ERBESSD INSTRUMENTS® is dedicated to the manufacture of equipment and instruments for condition monitoring. In the international context, through a cooperation agreement with the Salesian Polytechnic University, it has been working on vibration analysis using new techniques that do not need to be in direct contact with the machine or equipment to be analyzed.

Step 1 - Identify the Problem

Non-contact Vibration Analysis

The condition monitoring techniques, such as the use of the accelerometer and acoustic emissions need to be in contact with the surface of the machine to be analyzed, making these techniques inaccessible and complex on certain occasions and when mounting the sensors due to the conditions of the environment where the analyzed machine is located.  This is why non-invasive analysis is a suitable alternative for the user to monitor the condition of the machinery in real time and without being in contact with the machine.

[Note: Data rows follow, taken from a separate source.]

Lemma size_iter_psiw (c : seq A) n : ends_growing c ->
  size (iter n.+1 (psiw phi I) [:: c]) = count I (iter n.+1 (phiw phi) (body c)).
Proof.
move=> Ic.
have iter_spec m : all ends_growing (iter m (psiw phi I) [:: c]) /\
    skeleton (iter m (psiw phi I) [:: c]) = filter I (iter m (phiw phi) (body c)).
  elim: m => [|m [IH1 IH2]] /=; first by rewrite Ic /skeleton /= cats0.
  have [P1 P2 _] := psiw_spec IH1.
  by rewrite P1 P2 IH2 -(filter_growing_phiw I_growing).
have [_ _ ->] := psiw_spec (iter_spec n).1.
by rewrite -iterS (iter_spec n.+1).2 size_filter.
Qed.

End Psi.

Definition runs_le (T : Type) (a : pred T) (L : nat) (u : seq T) : Prop :=
  forall l s r, u = l ++ s ++ r -> ~~ has a s -> size s <= L.

(* Such a word has at most L letters before each a-letter and after the last
   one; the proof bounds size u by (L+1) count a u + (length of the first run). *)
Lemma size_le_count_runs (T : Type) (a : pred T) (L : nat) (u : seq T) :
  runs_le a L u -> size u <= count a u * L.+1 + L.
Proof.
have find_le w : runs_le a L w -> find a w <= L.
  move=> Hw; have := Hw [::] (take (find a w) w) (drop (find a w) w).
  by rewrite cat_take_drop size_takel ?find_size //; apply; rewrite ?hasN_take_find.
move=> Hu; apply: (@leq_trans (count a u * L.+1 + find a u)); last first.
  by rewrite leq_add2l find_le.
elim: u Hu => //= x u IH Hxu.
have Hu : runs_le a L u by move=> l s r E; apply: (Hxu (x :: l)); rewrite E.
have := IH Hu; have := find_le u Hu; case: (a x) => /=; lia.
Qed.

Section FixedPoint.
Variables (A : finType) (phi : A -> seq A) (a : A) (v : seq A).
Hypothesis phi_a : phi a = a :: v.
Hypothesis v_nonvanishing : forall k, iter k (phiw phi) v <> [::].

Definition pref (n : nat) : seq A := iter n (phiw phi) [:: a].

Lemma pref_succ n : pref n.+1 = pref n ++ iter n (phiw phi) v.
Proof.
elim: n => [|n IH]; first by rewrite /pref /= phiw1 phi_a.
by rewrite (_ : pref n.+2 = phiw phi (pref n.+1)) // {1}IH phiw_cat.
Qed.

(* The prefixes grow at least by one letter at each step, as phi^n(v) <> []. *)
Lemma size_pref n : n < size (pref n).
Proof.
elim: n => // n IH; rewrite pref_succ size_cat.
have : 0 < size (iter n (phiw phi) v).
  by case E: (iter n (phiw phi) v) => //; have := @v_nonvanishing n; rewrite E.
lia.
Qed.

For condition monitoring, the Samsung Galaxy S20+ mobile device was used, in which the user recorded a video and determined the characteristic spectra associated with failures in the SKF 1207 EKTN9 bearing components (inner race, outer race, and rolling elements), as in the vibration bench coupling using Dragon Vision® software owned by ERBESSD INSTRUMENTS®.

During the target selection process, the user identified the areas of movement with the software, being these areas in some cases coincide with the suspicion of where the source of the failure modes in these mechanical components of the GIDTEC vibration bench were occurring.

Step 2 - Technology Application

Transient Conditioning and Video Processing

Once the targets and static points have been identified, they went to the “Analysis” tab to indicate at what frame rate the video was acquired in order to process the vibration.

The total video processing time in the Dragon Vision® software was about 28.25 seconds and the total recording time was 3 seconds at 240 fps in FHD. Analyzing this point, the user has spent less than 1 minute to perform the condition monitoring of the GIDTEC vibration bench.

In the “Analysis” tab, once the vibration has been processed, the user proceeds to press the “Show TWF/FFT” button, which visualizes the waveform and vibration spectrum associated with the operating condition of the analyzed machine.

Step 3 - Monitoring Results

Spectra Results of Condition Monitoring of the GIDTEC Vibration Bench

The spectra of the signal under normal conditions acquired by the triaxial accelerometer and the spectra acquired by video signals are presented in Table 1. It is important to notice that the Dragon Vision® software allows visualizing the spectrum in two channels (horizontal and vertical), in this particular case a reference axis will be selected to enable the comparison when faults are implemented in the mechanical elements of the vibration bench.

Table 1. Vibration spectra comparison of under normal and fault conditions of the GIDTEC vibration bench.

Step 4 - Identify the Movement Detection

Movement Detection

Once the processing was completed, the motion detection simulation was carried out, whose function allows the user to know the zone with the greatest displacement, and thus facilitate the detection of the moving point to determine the vibration spectrum associated with the fault.